§ **What the task asks**: For the entries that follow, restate word for word the line containing "Lemma chain_sum_triangle x", the line containing "induction l as [|a l IH]; intros H; [simpl;", and every line that lies between them.
[Opening Input section]
(* Call a region of the tree tail normalizable if [Y] has vectors of norm one on it with
   arbitrarily small initial part, and let a c_0 sequence on it be a sequence in [Y], of norm one on
   the region and null on every initial part, all of whose subsequences satisfy an upper c_0
   estimate on the region.  For the region below an antichain [ts] there is a dichotomy.  Either
   such vectors can also be taken negligible on the front through the first [n] children of [ts],
   for every [n]; then a diagonal choice puts the k-th vector essentially on its own band of
   children, and bands meet every chain at most once, which is the upper c_0 estimate.  Or the
   region is controlled by the region below the first [n] children of [ts] for one [n], and both
   properties transfer between the two regions.  The whole tree is tail normalizable because [Y] is
   infinite dimensional.  If it carried no c_0 sequence, iterating the dichotomy would produce
   finitely branching levels whose regions are never empty, hence by Koenig's lemma an infinite
   branch.  A gliding hump along the c_0 sequence finally yields the functionals, supported on
   consecutive windows of the enumeration; they also give the lower c_0 estimate. *)

Lemma dependent_choice {T : Type} (Inv : nat -> T -> Prop) (P : nat -> T -> T -> Prop) (x0 : T) :
  Inv O x0 -> (forall i x, Inv i x -> exists x', Inv (S i) x' /\ P i x x') ->
  exists f : nat -> T, f O = x0 /\ forall i, Inv i (f i) /\ P i (f i) (f (S i)).
Proof.
  intros H0 Hstep.
  pose (next i (x : {x | Inv i x}) := constructive_indefinite_description _ (Hstep i _ (proj2_sig x))).
  pose (g := fix g i : {x | Inv i x} :=
    match i with
    | O => exist _ x0 H0
    | S i => exist _ (proj1_sig (next i (g i))) (proj1 (proj2_sig (next i (g i))))
    end).
  exists (fun i => proj1_sig (g i)). split; [reflexivity|].
  intros i. split; [exact (proj2_sig (g i))|exact (proj2 (proj2_sig (next i (g i))))].
Qed.

Definition strictly_increasing (phi : nat -> nat) : Prop := forall i, (phi i < phi (S i))%nat.

Lemma strictly_increasing_lt phi : strictly_increasing phi ->
  forall i j, (i < j)%nat -> (phi i < phi j)%nat.
Proof. intros H i j Hij. induction Hij; [apply H|]. specialize (H m). lia. Qed.

Lemma strictly_increasing_ge phi : strictly_increasing phi -> forall i, (i <= phi i)%nat.
Proof. intros H i. induction i; [lia|]. specialize (H i). lia. Qed.

Lemma strictly_increasing_le phi : strictly_increasing phi ->
  forall i j, (i <= j)%nat -> (phi i <= phi j)%nat.
Proof.
  intros H i j Hij. destruct (Nat.eq_dec i j) as [->|Hne]; [lia|].
  pose proof (strictly_increasing_lt phi H i j ltac:(lia)). lia.
Qed.

Lemma strictly_increasing_inj phi : strictly_increasing phi -> forall i j, phi i = phi j -> i = j.
Proof.
  intros H i j E. destruct (Nat.lt_trichotomy i j) as [L|[L|L]]; auto.
  - pose proof (strictly_increasing_lt phi H i j L); lia.
  - pose proof (strictly_increasing_lt phi H j i L); lia.
Qed.

Lemma pigeonhole_infinitely_often n (P : nat -> nat -> Prop) :
  (forall c j j', (j' <= j)%nat -> P c j -> P c j') ->
  (forall j, exists c, (c < n)%nat /\ P c j) -> exists c, (c < n)%nat /\ forall j, P c j.
Proof.
  induction n; intros Hmono H.
  - destruct (H O) as [c [Hc _]]. lia.
  - destruct (classic (forall j, P n j)) as [Hn|Hn]; [exists n; split; auto|].
    apply not_all_ex_not in Hn. destruct Hn as [j0 Hj0].
    destruct IHn as [c [Hc Hc']]; auto.
    + intros j. destruct (H (Nat.max j j0)) as [c [Hc Hp]].
      destruct (Nat.eq_dec c n) as [->|Hne].
      * exfalso. apply Hj0. apply (Hmono n (Nat.max j j0)); auto; lia.
      * exists c. split; [lia|]. apply (Hmono c (Nat.max j j0)); auto; lia.
    + exists c. split; auto.
Qed.

Lemma prefix_refl s : prefix s s.
Proof. exists []. now rewrite app_nil_r. Qed.

Lemma prefix_trans a b c : prefix a b -> prefix b c -> prefix a c.
Proof. intros [u ->] [v ->]. exists (u ++ v). now rewrite app_assoc. Qed.

Lemma prefix_app a u : prefix a (a ++ u).
Proof. now exists u. Qed.

Lemma sprefix_prefix a b : sprefix a b -> prefix a b.
Proof. intros [u [_ ->]]. now exists u. Qed.

Lemma sprefix_trans a b c : sprefix a b -> sprefix b c -> sprefix a c.
Proof.
  intros [u [Hu ->]] [v [Hv ->]]. exists (u ++ v). split.
  - destruct u; [congruence|discriminate].
  - now rewrite app_assoc.
Qed.

Lemma sprefix_irrefl a : ~ sprefix a a.
Proof.
  intros [u [Hu E]]. apply (f_equal (@length nat)) in E.
  rewrite length_app in E. destruct u; [congruence|simpl in E; lia].
Qed.

Lemma prefix_total a b c : prefix a c -> prefix b c -> prefix a b \/ prefix b a.
Proof.
  revert b c. induction a as [|x a IH]; intros b c Ha Hb.
  - left. now exists b.
  - destruct b as [|y b].
    + right. now exists (x :: a).
    + destruct Ha as [u Hu], Hb as [v Hv]. subst c.
      simpl in Hv. injection Hv as -> Hv.
      destruct (IH b (a ++ u)) as [[w ->]|[w ->]].
      * apply prefix_app.
      * now exists v.
      * left. exists w. reflexivity.
      * right. exists w. reflexivity.
Qed.

Lemma prefix_snoc_inj t c c' s : prefix (t ++ [c]) s -> prefix (t ++ [c']) s -> c = c'.
Proof.
  intros [u Hu] [v Hv]. subst s. rewrite <- !app_assoc in Hv.
  apply app_inv_head in Hv. simpl in Hv. now injection Hv.
Qed.

Lemma chain_step_tail t l : chain_step (t :: l) -> chain_step l.
Proof. destruct l; simpl; tauto. Qed.

Lemma chain_step_head t l : chain_step (t :: l) -> forall s, In s l -> sprefix t s.
Proof.
  revert t. induction l as [|a l IH]; intros t H s Hs; [destruct Hs|].
  destruct H as [H1 H2]. destruct Hs as [<-|Hs]; [exact H1|].
  apply sprefix_trans with a; [exact H1|]. now apply IH.
Qed.

Lemma chain_comparable l : chain_step l -> forall s s', In s l -> In s' l ->
  prefix s s' \/ prefix s' s.
Proof.
  induction l as [|a l IH]; intros H s s' Hs Hs'; [destruct Hs|].
  pose proof (chain_step_head _ _ H) as Hh.
  destruct Hs as [<-|Hs]; destruct Hs' as [<-|Hs'].
  - left; apply prefix_refl.
  - left. apply sprefix_prefix. now apply Hh.
  - right. apply sprefix_prefix. now apply Hh.
  - apply IH; auto. now apply chain_step_tail with a.
Qed.

Lemma chain_step_filter (f : node -> bool) l : chain_step l -> chain_step (filter f l).
Proof.
  induction l as [|a l IH]; intros H; [exact I|].
  pose proof (chain_step_head _ _ H) as Hh.
  specialize (IH (chain_step_tail _ _ H)).
  simpl. destruct (f a); [|exact IH].
  destruct (filter f l) as [|b l'] eqn:E; [exact I|].
  split; [|exact IH]. apply Hh.
  assert (Hb : In b (filter f l)) by (rewrite E; now left).
  now apply filter_In in Hb.
Qed.

Lemma is_chain_filter theta (f : node -> bool) l : is_chain theta l -> is_chain theta (filter f l).
Proof.
  intros [H1 H2]. split; [|now apply chain_step_filter].
  apply Forall_forall. intros x Hx. apply filter_In in Hx. rewrite Forall_forall in H1. now apply H1.
Qed.

Lemma is_chain_nil theta : is_chain theta [].
Proof. split; [constructor|exact I]. Qed.

Lemma is_chain_single theta s : theta s -> is_chain theta [s].
Proof. intros H. split; [now constructor|exact I]. Qed.

Lemma chain_sum_cons x t l : chain_sum x (t :: l) = Rabs (x t) + chain_sum x l.
Proof. reflexivity. Qed.

Lemma chain_sum_zero l : chain_sum (fun _ => 0) l = 0.
Proof. induction l; [reflexivity|]. rewrite chain_sum_cons, IHl, Rabs_R0. lra. Qed.

Lemma chain_sum_triangle x u v l : (forall s, In s l -> Rabs (x s) <= Rabs (u s) + Rabs (v s)) ->
  chain_sum x l <= chain_sum u l + chain_sum v l.
Proof.
  induction l as [|a l IH]; intros H; [simpl; lra|].
  rewrite !chain_sum_cons. assert (H1 := H a (or_introl eq_refl)).
  assert (chain_sum x l <= chain_sum u l + chain_sum v l) by (apply IH; intros; apply H; now right).
  lra.
Qed.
[Closing Input section]
§ **Written answer**:
Lemma chain_sum_triangle x u v l : (forall s, In s l -> Rabs (x s) <= Rabs (u s) + Rabs (v s)) ->
  chain_sum x l <= chain_sum u l + chain_sum v l.
Proof.
  induction l as [|a l IH]; intros H; [simpl; lra|].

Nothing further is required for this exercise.